* [TASK] Please quote exactly the lines below from the line containing "thom_cmp : forall" to the line containing "ru_iso2 : forall", both lines included, and nothing else.

* [DATA SHOWN]
(* Let $m\ge2$ and let $\mathbb N$ be the directed cycle $1\to2\to\cdots\to m\to1$, where agent $i$ receives $C_ix_{i-1}$ from agent $i-1$ (vertex $0$ being vertex $m$, $x_0:=x_m$), each $C_i$ a real full-row-rank matrix with $n$ columns, and $P_i=C_i'(C_iC_i')^{-1}C_i$. Assume $\bar{\mathbb N}$ is well-configured, i.e. for all $x_1,\dots,x_m\in\mathbb R^n$, $C_ix_i=C_ix_{i-1}$ for all $i$ implies $x_1=\cdots=x_m$. Then for arbitrary initial states $x_i(0)\in\mathbb R^n$, the iteration $$x_i(t+1)=x_i(t)-\tfrac12P_i\big(x_i(t)-x_{i-1}(t)\big),\qquad i=1,\dots,m,$$ makes all $x_i(t)$ converge to a common vector $x^*\in\mathbb R^n$ exponentially fast.
   Context: $'$ denotes transpose; $P_i$ is the orthogonal projection onto $(\ker C_i)^\perp$. Exponentially fast: there exist $c>0$, $\rho\in[0,1)$ with $\|x_i(t)-x^*\|\le c\rho^t$ for all $i,t$. *)

From HB Require Import structures.
From mathcomp Require Import all_boot all_order all_algebra.
From mathcomp Require Import reals.
Set Implicit Arguments. Unset Strict Implicit. Unset Printing Implicit Defensive.
Import Order.TTheory GRing.Theory Num.Theory.
Local Open Scope ring_scope.

(* Agents are indexed by 'I_m; agent k (0-based) is the paper's agent k+1.
   The cyclic predecessor of k is ord_pred k (predecessor of 0 is m-1),
   matching the paper's convention "vertex 0 is vertex m". *)
Definition prev {m : nat} (i : 'I_m) : 'I_m := ord_pred i.

Definition proj_ker_perp {R : realType} {r n : nat} (C : 'M[R]_(r, n)) : 'M[R]_n :=
  C^T *m invmx (C *m C^T) *m C.
(* Let $M$ be a monoidal category and $C$ an $M$-actegory, and let $l\in\mathit{Optic}_{C,C}((x,x),(y,y))$ with corresponding 2-cell $\theta_l:R_x\otimes L_x\Rightarrow R_y\otimes L_y$. The following are equivalent: (i) $\theta_l;\varepsilon_y=\varepsilon_x$ as 2-cells $R_x\otimes L_x\Rightarrow C(-,=)$, and the composite $R_x\otimes L_x\xrightarrow{\theta_l}R_y\otimes L_y\cong R_y\otimes M(-,=)\otimes L_y\xrightarrow{R_y\otimes\eta_y\otimes L_y}R_y\otimes L_y\otimes R_y\otimes L_y$ equals the composite $R_x\otimes L_x\cong R_x\otimes M(-,=)\otimes L_x\xrightarrow{R_x\otimes\eta_x\otimes L_x}R_x\otimes L_x\otimes R_x\otimes L_x\xrightarrow{\theta_l\otimes\theta_l}R_y\otimes L_y\otimes R_y\otimes L_y$; (ii) $\mathrm{outside}(l)=\mathrm{id}_x$ and $\mathrm{once}(l)=\mathrm{twice}(l)$, where, for $l=\langle\alpha\mid\beta\rangle_m$, $\mathrm{outside}(l)=\alpha;\beta\in C(x,x)$, $\mathrm{once}(l)=\langle\alpha\mid\mathrm{id}_{m\odot y}\mid\beta\rangle_{m,m}$ and $\mathrm{twice}(l)=\langle\alpha\mid\beta;\alpha\mid\beta\rangle_{m,m}$ in $\mathit{Optic}^2(x,y)$.
   Context: $(M,\otimes,I,\lambda,a)$ is a monoidal category; an $M$-actegory is a category $C$ with a functor $\odot:M\times C\to C$ and coherent natural isomorphisms $\lambda_x:I\odot x\to x$, $a_{m,n,x}:(m\otimes n)\odot x\to m\odot(n\odot x)$; $M$ is an $M$-actegory via $\otimes$. Composition is diagrammatic ($f;g$ = $f$ then $g$). $\mathit{Optic}_{C,C}((x,u),(y,v))=\int^{m\in M}C(x,m\odot y)\times C(m\odot v,u)$, elements $\langle\alpha\mid\beta\rangle_m$ modulo $\langle\alpha;(f\odot y)\mid\beta\rangle_m=\langle\alpha\mid(f\odot v);\beta\rangle_n$ for $f:n\to m$. $\mathit{Optic}^2(x,y)=\int^{m_1,m_2\in M}C(x,m_1\odot y)\times C(m_1\odot y,m_2\odot y)\times C(m_2\odot y,x)$, elements written $\langle\alpha\mid\gamma\mid\beta\rangle_{m_1,m_2}$ (quotiented by the coend relations in $m_1$ and $m_2$). $\mathrm{outside}$, $\mathrm{once}$, $\mathrm{twice}$ are well defined on equivalence classes. $\mathit{Tamb}$: the bicategory of $M$-actegories whose hom-category $\mathit{Tamb}_{C,D}$ consists of functors $C^{op}\times D\to\mathrm{Set}$ with compatible strengths $P(c,d)\to P(m\odot c,m\odot d)$ and strength-preserving natural transformations (2-cells); identities are hom-profunctors; composition $(P\otimes Q)(c,e)=\int^d P(c,d)\times Q(d,e)$. For $x\in C$: $R_x\in\mathit{Tamb}_{C,M}$ is $(c,n)\mapsto C(c,n\odot x)$, $L_x\in\mathit{Tamb}_{M,C}$ is $(n,c)\mapsto C(n\odot x,c)$ (strengths induced by the action and associator). $\varepsilon_x:R_x\otimes L_x\Rightarrow C(-,=)$ is composition $\int^nC(c,n\odot x)\times C(n\odot x,c')\to C(c,c')$; $\eta_x:M(-,=)\Rightarrow L_x\otimes R_x$ sends $h:k\to k'$ to $h\odot x\in C(k\odot x,k'\odot x)\cong(L_x\otimes R_x)(k,k')$. An optic $l:(x,x)\to(y,y)$ corresponds to the unique 2-cell $\theta_l:R_x\otimes L_x\Rightarrow R_y\otimes L_y$ whose $(x,x)$-component sends the identity optic $\langle\lambda^{-1}_x\mid\lambda_x\rangle_I\in(R_x\otimes L_x)(x,x)$ to $l$. Bicategorical associators/unitors are suppressed. *)

From Stdlib Require Import Relations.Relation_Operators.
Set Implicit Arguments.
Unset Strict Implicit.

Record Cat := {
  ob :> Type;
  hom : ob -> ob -> Type;
  idm : forall a, hom a a;
  cmp : forall a b c, hom a b -> hom b c -> hom a c;
  cmp_id_l : forall a b (f : hom a b), cmp (idm a) f = f;
  cmp_id_r : forall a b (f : hom a b), cmp f (idm b) = f;
  cmp_assoc : forall a b c d (f : hom a b) (g : hom b c) (h : hom c d),
      cmp (cmp f g) h = cmp f (cmp g h) }.
Arguments hom {c} a b : rename.
Arguments idm {c} a : rename.
Arguments cmp {c a b c0} f g : rename.
Notation "f ;; g" := (cmp f g) (at level 40, left associativity).

Record Monoidal (M : Cat) := {
  tob : M -> M -> M;
  thom : forall a b c d, hom a b -> hom c d -> hom (tob a c) (tob b d);
  thom_id : forall a c, thom (idm a) (idm c) = idm (tob a c);
  thom_cmp : forall a b e c d k (f : hom a b) (g : hom b e) (h : hom c d) (l : hom d k),
      thom (f ;; g) (h ;; l) = thom f h ;; thom g l;
  munit : M;
  lu : forall a, hom (tob munit a) a;
  lu_inv : forall a, hom a (tob munit a);
  lu_iso1 : forall a, lu a ;; lu_inv a = idm _;
  lu_iso2 : forall a, lu_inv a ;; lu a = idm _;
  lu_nat : forall a b (f : hom a b), thom (idm munit) f ;; lu b = lu a ;; f;
  ru : forall a, hom (tob a munit) a;
  ru_inv : forall a, hom a (tob a munit);
  ru_iso1 : forall a, ru a ;; ru_inv a = idm _;
  ru_iso2 : forall a, ru_inv a ;; ru a = idm _;
  ru_nat : forall a b (f : hom a b), thom f (idm munit) ;; ru b = ru a ;; f;
  asc : forall a b c, hom (tob (tob a b) c) (tob a (tob b c));
  asc_inv : forall a b c, hom (tob a (tob b c)) (tob (tob a b) c);
  asc_iso1 : forall a b c, asc a b c ;; asc_inv a b c = idm _;
  asc_iso2 : forall a b c, asc_inv a b c ;; asc a b c = idm _;
  asc_nat : forall a a' b b' c c' (f : hom a a') (g : hom b b') (h : hom c c'),
      thom (thom f g) h ;; asc a' b' c' = asc a b c ;; thom f (thom g h);
  pentagon : forall a b c d,
      asc (tob a b) c d ;; asc a b (tob c d)
      = thom (asc a b c) (idm d) ;; asc a (tob b c) d ;; thom (idm a) (asc b c d);
  triangle : forall a b, asc a munit b ;; thom (idm a) (lu b) = thom (ru a) (idm b) }.

Record Actegory (M : Cat) (MS : Monoidal M) (C : Cat) := {
  act : M -> C -> C;
  ahom : forall m n c d, hom m n -> hom c d -> hom (act m c) (act n d);
  ahom_id : forall m c, ahom (idm m) (idm c) = idm (act m c);
  ahom_cmp : forall m n p c d e (f : hom m n) (g : hom n p) (h : hom c d) (k : hom d e),
      ahom (f ;; g) (h ;; k) = ahom f h ;; ahom g k;
  alu : forall x, hom (act (munit MS) x) x;
  alu_inv : forall x, hom x (act (munit MS) x);
  alu_iso1 : forall x, alu x ;; alu_inv x = idm _;
  alu_iso2 : forall x, alu_inv x ;; alu x = idm _;
  alu_nat : forall x y (f : hom x y), ahom (idm (munit MS)) f ;; alu y = alu x ;; f;
  aasc : forall m n x, hom (act (tob MS m n) x) (act m (act n x));
  aasc_inv : forall m n x, hom (act m (act n x)) (act (tob MS m n) x);
  aasc_iso1 : forall m n x, aasc m n x ;; aasc_inv m n x = idm _;
  aasc_iso2 : forall m n x, aasc_inv m n x ;; aasc m n x = idm _;
  aasc_nat : forall m m' n n' x x' (f : hom m m') (g : hom n n') (h : hom x x'),
      ahom (thom MS f g) h ;; aasc m' n' x' = aasc m n x ;; ahom f (ahom g h);
  apentagon : forall m n p x,
      aasc (tob MS m n) p x ;; aasc m n (act p x)
      = ahom (asc MS m n p) (idm x) ;; aasc m (tob MS n p) x ;; ahom (idm m) (aasc n p x);
  aunit_l : forall n x, aasc (munit MS) n x ;; alu (act n x) = ahom (lu MS n) (idm x);
  aunit_r : forall m x, aasc m (munit MS) x ;; ahom (idm m) (alu x) = ahom (ru MS m) (idm x) }.

Section Tamb.
Context (M : Cat) (MS : Monoidal M) (C : Cat) (A : Actegory MS C).

Local Notation "m ⊙ c" := (act A m c) (at level 35).
Local Notation "f ⊙h g" := (ahom A f g) (at level 35).

(* (R_x ⊗ L_x)(c,c') = ∫^n C(c, n⊙x) × C(n⊙x, c'), represented by
   representatives quotiented by the generated equivalence relation.
   For c = c' = x and x := y this is also Optic_{C,C}((x,x),(y,y)). *)
Definition RL (x c c' : C) : Type :=
  { n : M & (hom c (n ⊙ x) * hom (n ⊙ x) c')%type }.
Lemma is_derive_act4 s k (v : R -> R) t :
  (forall u, 1 - (k * v u) ^ 2 <> 0) -> is_derive v t (s * k * (1 - v t ^ 2)) ->
  is_derive (fun t => act4 s k (v t)) t (2 * flux s k (v t)).
Proof.
  intros Hd Hv.
  apply (is_derive_ext (fun u => act2 s k (v u) - s * (1 - k ^ 2))).
  { intros u; pose proof (act2_sub_act4 s k (v u) (Hd u)); lra. }
  replace (2 * flux s k (v t)) with (2 * flux s k (v t) - 0) by ring.
  apply (is_derive_minus _ (fun _ => s * (1 - k ^ 2))).
  - apply is_derive_act2; auto.
  - apply (is_derive_const (V := R_NormedModule)).
Qed.

Lemma orbit_on_tanh_flow s k v0 T : 0 < s -> 0 < k < 1 -> 0 < v0 < 1 ->
  orbit_on T (fun _ => - (PI / 2)) (fun _ => 0) (fun _ => 0) (fun _ => 0)
    (fun t => act1 s k (tanh_flow (s * k) v0 t)) (fun t => act2 s k (tanh_flow (s * k) v0 t))
    (fun t => act1 s k (tanh_flow (s * k) v0 t)) (fun t => act4 s k (tanh_flow (s * k) v0 t)).
Proof.
  intros Hs Hk Hv0 t [Ht _].
  set (v := tanh_flow (s * k) v0).
  assert (Hvt : 0 < v t < 1) by (apply tanh_flow_in_01; nra).
  assert (Hd : forall u, 1 - (k * v u) ^ 2 <> 0).
  { intros u; assert (Hvu : -1 < v u < 1) by (apply tanh_flow_bound; lra).
    assert (-1 < k * v u < 1) by (split; nra). nra. }
  assert (Hv : is_derive v t (s * k * (1 - v t ^ 2))) by (apply is_derive_tanh_flow; lra).
  destruct (actions_pos s k (v t) Hs Hk Hvt) as [P1 [P2 P4]].
  do 4 (split; [assumption |]).
  apply hamilton_at_resonant; [ring | ..]; rewrite sqrt_actions by assumption.
  - apply is_derive_act1; assumption.
  - apply is_derive_act2; auto.
  - apply is_derive_act1; assumption.
  - apply is_derive_act4; assumption.
Qed.

Definition sum12 (c e : R) : R := 2 * (c - e) / 3.
Definition kappa (c e : R) : R := sqrt ((c + 2 * e) / (2 * (c - e))).
Definition v_init (c e : R) : R := sqrt (6 * e / (c + 2 * e)).
Definition v_final (c e : R) : R := sqrt (2 * c * (c - e) / ((c + 2 * e) * (3 * c - 8 * e))).

Lemma sqrt_in_01 x : 0 < x < 1 -> 0 < sqrt x < 1.
Proof.
  intros Hx; split; [apply sqrt_lt_R0; lra |].
  rewrite <- sqrt_1; apply sqrt_lt_1_alt; lra.
Qed.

* [EXERCISE RESULT]
  thom_cmp : forall a b e c d k (f : hom a b) (g : hom b e) (h : hom c d) (l : hom d k),
      thom (f ;; g) (h ;; l) = thom f h ;; thom g l;
  munit : M;
  lu : forall a, hom (tob munit a) a;
  lu_inv : forall a, hom a (tob munit a);
  lu_iso1 : forall a, lu a ;; lu_inv a = idm _;
  lu_iso2 : forall a, lu_inv a ;; lu a = idm _;
  lu_nat : forall a b (f : hom a b), thom (idm munit) f ;; lu b = lu a ;; f;
  ru : forall a, hom (tob a munit) a;
  ru_inv : forall a, hom a (tob a munit);
  ru_iso1 : forall a, ru a ;; ru_inv a = idm _;
  ru_iso2 : forall a, ru_inv a ;; ru a = idm _;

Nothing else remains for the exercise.